Instructions: 3 rounds – 45 sec work, 20 sec rest, 1 min rest between rounds

• Kettlebell goblet squats (45 sec) – Video

• Push-ups (45 sec) – Video

• Dumbbell renegade rows (45 sec) – Video

• Bodyweight skater hops (45 sec) – Video

• Hollow body hold (45 sec) – Video



🔓 ADVANCED ASSAULT TIER (OPTIONAL)

*This section is optional.

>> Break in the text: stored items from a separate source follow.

(* Let $a,b\geq 1$ and $m,n,p,q>1$ be integers. The graph $aH_{m,p}\circ bH_{n,q}$ is distance magic if and only if $n\equiv 0\pmod 2$ or $mnabpq\equiv 1\pmod 2$.
   Context: A graph $G$ on $v$ vertices is distance magic if there is a bijection $f:V(G)\to\{1,\ldots,v\}$ and a constant $k$ such that for every vertex $x$, $\sum_{y\in N(x)}f(y)=k$, where $N(x)$ is the set of neighbours of $x$. $H_{n,p}$ denotes the complete multipartite graph with $p$ partite sets each of size $n$; $aH$ denotes the disjoint union of $a$ copies of $H$. The lexicographic product $G\circ H$ has vertex set $V(G)\times V(H)$, with $(g,h)$ adjacent to $(g',h')$ iff either $gg'\in E(G)$, or $g=g'$ and $hh'\in E(H)$. *)

From mathcomp Require Import all_boot.
Set Implicit Arguments. Unset Strict Implicit. Unset Printing Implicit Defensive.

(* Distance magic: a bijection f : V -> {1,...,v} (encoded as a bijection
   onto 'I_v followed by +1) with constant neighbourhood label sums. *)
Definition distance_magic (T : finType) (e : rel T) : Prop :=
  exists f : T -> 'I_#|T|, bijective f /\
    exists k : nat, forall x : T, \sum_(y | e x y) (f y).+1 = k.

(* H_{n,p}: complete multipartite graph with p parts of size n.
   Vertex (i, j) = j-th vertex of part i; adjacent iff in different parts. *)
Definition Hvert (n p : nat) : finType := ('I_p * 'I_n)%type.
Definition Hrel (n p : nat) : rel (Hvert n p) := fun u v => u.1 != v.1.

Definition copies_rel (a : nat) (T : finType) (e : rel T) : rel ('I_a * T)%type :=
  fun u v => (u.1 == v.1) && e u.2 v.2.

Definition lex_rel (T1 T2 : finType) (e1 : rel T1) (e2 : rel T2)
  : rel (T1 * T2)%type :=
  fun u v => e1 u.1 v.1 || ((u.1 == v.1) && e2 u.2 v.2).
Arguments copies_rel a {T} e.
Arguments Hrel n p : clear implicits.

From mathcomp Require Import all_boot zify.
Set Implicit Arguments. Unset Strict Implicit. Unset Printing Implicit Defensive.

(* In G = aH_{m,p} o bH_{n,q} the neighbourhood of (g, h) is N(g) x V(bH_{n,q}) together
   with {g} x N(h), and inside a copy of H_{n,q} the sum over N(h) is the total of the copy
   minus the sum of the part of h.  Hence in a distance magic labelling all parts of a copy
   of bH_{n,q} have the same label sum, and feeding this back into aH_{m,p} shows that this
   sum P is the same for all copies.  The labels 1, ..., tn (t parts of size n) then split
   into t parts of sum P, so 2P = n(tn + 1) and tn is odd whenever n is.
   Conversely, a Kotzig array (n permutations s_j of {0, ..., t-1} with equal column sums,
   which exists when n > 1 is even or t is odd) gives the labelling j t + s_j(u) + 1 of the
   j-th vertex of part u, in which all parts have the same sum; as aH_{m,p} is regular,
   every neighbourhood sum is then the same. *)

Definition nbr_sum (T : finType) (e : rel T) (w : T -> nat) (x : T) : nat :=
  \sum_(y | e x y) w y.

Definition part_sum (n p : nat) (u : Hvert n p -> nat) (i : 'I_p) : nat :=
  \sum_(j < n) u (i, j).

Lemma nbr_sum_lex (T1 T2 : finType) (e1 : rel T1) (e2 : rel T2)
    (w : T1 * T2 -> nat) (x1 : T1) (x2 : T2) :
  irreflexive e1 ->
  nbr_sum (lex_rel e1 e2) w (x1, x2) =
  nbr_sum e1 (fun y1 => \sum_y2 w (y1, y2)) x1 + nbr_sum e2 (fun y2 => w (x1, y2)) x2.
Proof.
move=> e1_irr; rewrite /nbr_sum (bigID (fun y => e1 x1 y.1)) /=; congr (_ + _).
  rewrite pair_big_dep; apply: eq_big => -[y1 y2] //=.
  by rewrite /lex_rel /= andbT; case: (e1 x1 y1); rewrite ?andbF.
rewrite -(big_pred1_eq addn x1 (fun y1 => \sum_(y2 | e2 x2 y2) w (y1, y2))) /= pair_big_dep.
apply: eq_big => -[y1 y2] //=; rewrite /lex_rel /= eq_sym.
by case: eqP => [->|_]; rewrite ?e1_irr ?andbT //= orbF andbN.
Qed.

Lemma nbr_sum_copies (a : nat) (T : finType) (e : rel T) (w : 'I_a * T -> nat) c x :
  nbr_sum (copies_rel a e) w (c, x) = nbr_sum e (fun y => w (c, y)) x.
Proof.
rewrite /nbr_sum -(big_pred1_eq addn c (fun c' => \sum_(y | e x y) w (c', y))) pair_big_dep.
by apply: eq_big => -[c' y] //=; rewrite /copies_rel eq_sym.
Qed.

Lemma sum_pair (X Y : finType) (F : X * Y -> nat) :
  \sum_z F z = \sum_x \sum_y F (x, y).
Proof. by rewrite pair_big; apply: eq_bigr => -[]. Qed.

Lemma sum_Hvert n p (u : Hvert n p -> nat) : \sum_y u y = \sum_i part_sum u i.
Proof. exact: sum_pair. Qed.

Lemma nbr_sum_Hrel n p (u : Hvert n p -> nat) i j :
  nbr_sum (Hrel n p) u (i, j) + part_sum u i = \sum_y u y.
Proof.
rewrite sum_Hvert (bigD1 i) //= addnC; congr (_ + _).
rewrite /nbr_sum /part_sum pair_big_dep /=; apply: eq_big => -[i' j'] //=.
by rewrite /Hrel eq_sym andbT.
Qed.

Lemma irreflexive_copies_rel (a : nat) (T : finType) (e : rel T) :
  irreflexive e -> irreflexive (copies_rel a e).
Proof. by move=> e_irr x; rewrite /copies_rel eqxx e_irr. Qed.

Lemma irreflexive_Hrel n p : irreflexive (Hrel n p).
Proof. by move=> x; rewrite /Hrel eqxx. Qed.

Lemma sum_copies_Hvert b n q (u : 'I_b * Hvert n q -> nat) :
  \sum_y u y = \sum_c \sum_i part_sum (fun y => u (c, y)) i.
Proof. by rewrite sum_pair; apply: eq_bigr => c _; rewrite sum_Hvert. Qed.

Lemma nbr_sum_cst (T : finType) (e : rel T) (C : nat) x :
  nbr_sum e (fun=> C) x = #|e x| * C.
Proof. by rewrite -sum_nat_const. Qed.

Lemma card_copies_Hrel_nbrs a m p x : #|copies_rel a (Hrel m p) x| = (p - 1) * m.
Proof.
case: x => c [i j]; rewrite -[LHS]muln1 -nbr_sum_cst nbr_sum_copies.
have := nbr_sum_Hrel (fun=> 1) i j; rewrite /part_sum !sum_nat_const card_prod !card_ord.
rewrite mulnBl mul1n; lia.
Qed.

Lemma double_sum_succ_ord N : 2 * \sum_(i < N) i.+1 = N * N.+1.
Proof. by elim: N => [|N IH]; rewrite ?big_ord0 // big_ord_recr mulnDr IH /=; lia. Qed.

Lemma double_sum_bij_labels (T : finType) (f : T -> 'I_#|T|) :
  bijective f -> 2 * \sum_x (f x).+1 = #|T| * #|T|.+1.
Proof.
by move=> f_bij; rewrite -double_sum_succ_ord (reindex f) //; apply: onW_bij.
Qed.

Lemma cross_mulnI x y u v : x != y -> x * u + y * v = x * v + y * u -> u = v.
Proof. by move=> /eqP x_neq_y E; case: (ltngtP u v) => // uv; nia. Qed.

Lemma part_sum_of_const_nbr_sum_Hrel n q (u : Hvert n q -> nat) K :
  0 < n -> (forall x, nbr_sum (Hrel n q) u x = K) ->
  forall i, (q - 1) * part_sum u i = K.
Proof.
move=> n_gt0 uK i; pose j0 : 'I_n := Ordinal n_gt0.
have part_sum_eq i' : part_sum u i' = part_sum u i.
  by have := nbr_sum_Hrel u i j0; have := nbr_sum_Hrel u i' j0; rewrite !uK; lia.
have := nbr_sum_Hrel u i j0.
rewrite uK sum_Hvert (eq_bigr _ (fun i' _ => part_sum_eq i')) sum_nat_const card_ord.
by rewrite mulnBl mul1n; lia.
Qed.

Lemma const_of_affine_nbr_sum_Hrel m p (u : Hvert m p -> nat) alpha beta k :
  0 < beta -> alpha * m != beta ->
  (forall x, alpha * nbr_sum (Hrel m p) u x + beta * u x = k) ->
  forall x, (alpha * ((p - 1) * m) + beta) * u x = k.
Proof.
move=> beta_gt0 alpha_m_neq uk [i j].
have nbr_sum_row i' j' : nbr_sum (Hrel m p) u (i', j') = nbr_sum (Hrel m p) u (i', j).
  by have := nbr_sum_Hrel u i' j; have := nbr_sum_Hrel u i' j'; lia.
have row_const i' j' : u (i', j') = u (i', j).
  apply/eqP; rewrite -(eqn_pmul2l beta_gt0); apply/eqP.
  by have := uk (i', j); have := uk (i', j'); rewrite nbr_sum_row; lia.
have part_sumE i' : part_sum u i' = m * u (i', j).
  by rewrite /part_sum (eq_bigr _ (fun j' _ => row_const i' j')) sum_nat_const card_ord.
have col_const i' : u (i', j) = u (i, j).
  apply: (cross_mulnI alpha_m_neq).
  have := nbr_sum_Hrel u i j; have := nbr_sum_Hrel u i' j; rewrite !part_sumE => Ei' Ei.
  have : alpha * nbr_sum (Hrel m p) u (i', j) + alpha * m * u (i', j) =
         alpha * nbr_sum (Hrel m p) u (i, j) + alpha * m * u (i, j).
    by rewrite -!mulnA -!mulnDr Ei Ei'.
  by have := uk (i, j); have := uk (i', j); lia.
have nbr_sumE : nbr_sum (Hrel m p) u (i, j) = (p - 1) * m * u (i, j).
  have := nbr_sum_Hrel u i j; rewrite sum_Hvert part_sumE.
  rewrite (eq_bigr _ (fun i' _ => part_sumE i')).
  rewrite (eq_bigr _ (fun i' _ => congr1 (muln m) (col_const i'))).
  rewrite sum_nat_const card_ord mulnA.
  by rewrite !mulnBl mul1n => <-; rewrite addnK.
by rewrite -(uk (i, j)) nbr_sumE mulnDl !mulnA.
Qed.

Definition lex_part_sum (T1 : finType) b n q (w : T1 * ('I_b * Hvert n q) -> nat)
    (P : T1 * ('I_b * 'I_q)) : nat :=
  \sum_(j < n) w (P.1, (P.2.1, (P.2.2, j))).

For advanced users ready for a true test.*

Instructions: Complete 2 rounds, 40 sec work each, 15 sec rest

• Kettlebell clean + press (10 reps/side) – Video

• Jump squats (40 sec) – Video

• Burpee to push-up (40 sec) – Video



🚀 FINAL BURNOUT

Format: Core Circuit – 2 rounds, no rest

• V-Ups (40 sec) – Video

• Plank jacks (40 sec) – Video

*Repeat core circuit once*



🧘 SYSTEM RECOVERY FLOW

1. Standing quad stretch (45 sec/side) – Video

2. Hamstring stretch (1 min) – Video

3. Chest opener stretch (1 min) – Video

4. Child's pose (1 min) – Video



🎯 Focus & Benefits

This relentless circuit pushes your strength, coordination, and stamina to the edge while forging a powerful core and elevating full-body athleticism.



💡 Pro Tip

Power doesn’t just come from muscle—it’s built from refusing to quit when your mind says “enough.” Focus on every rep and let your grit carry you through.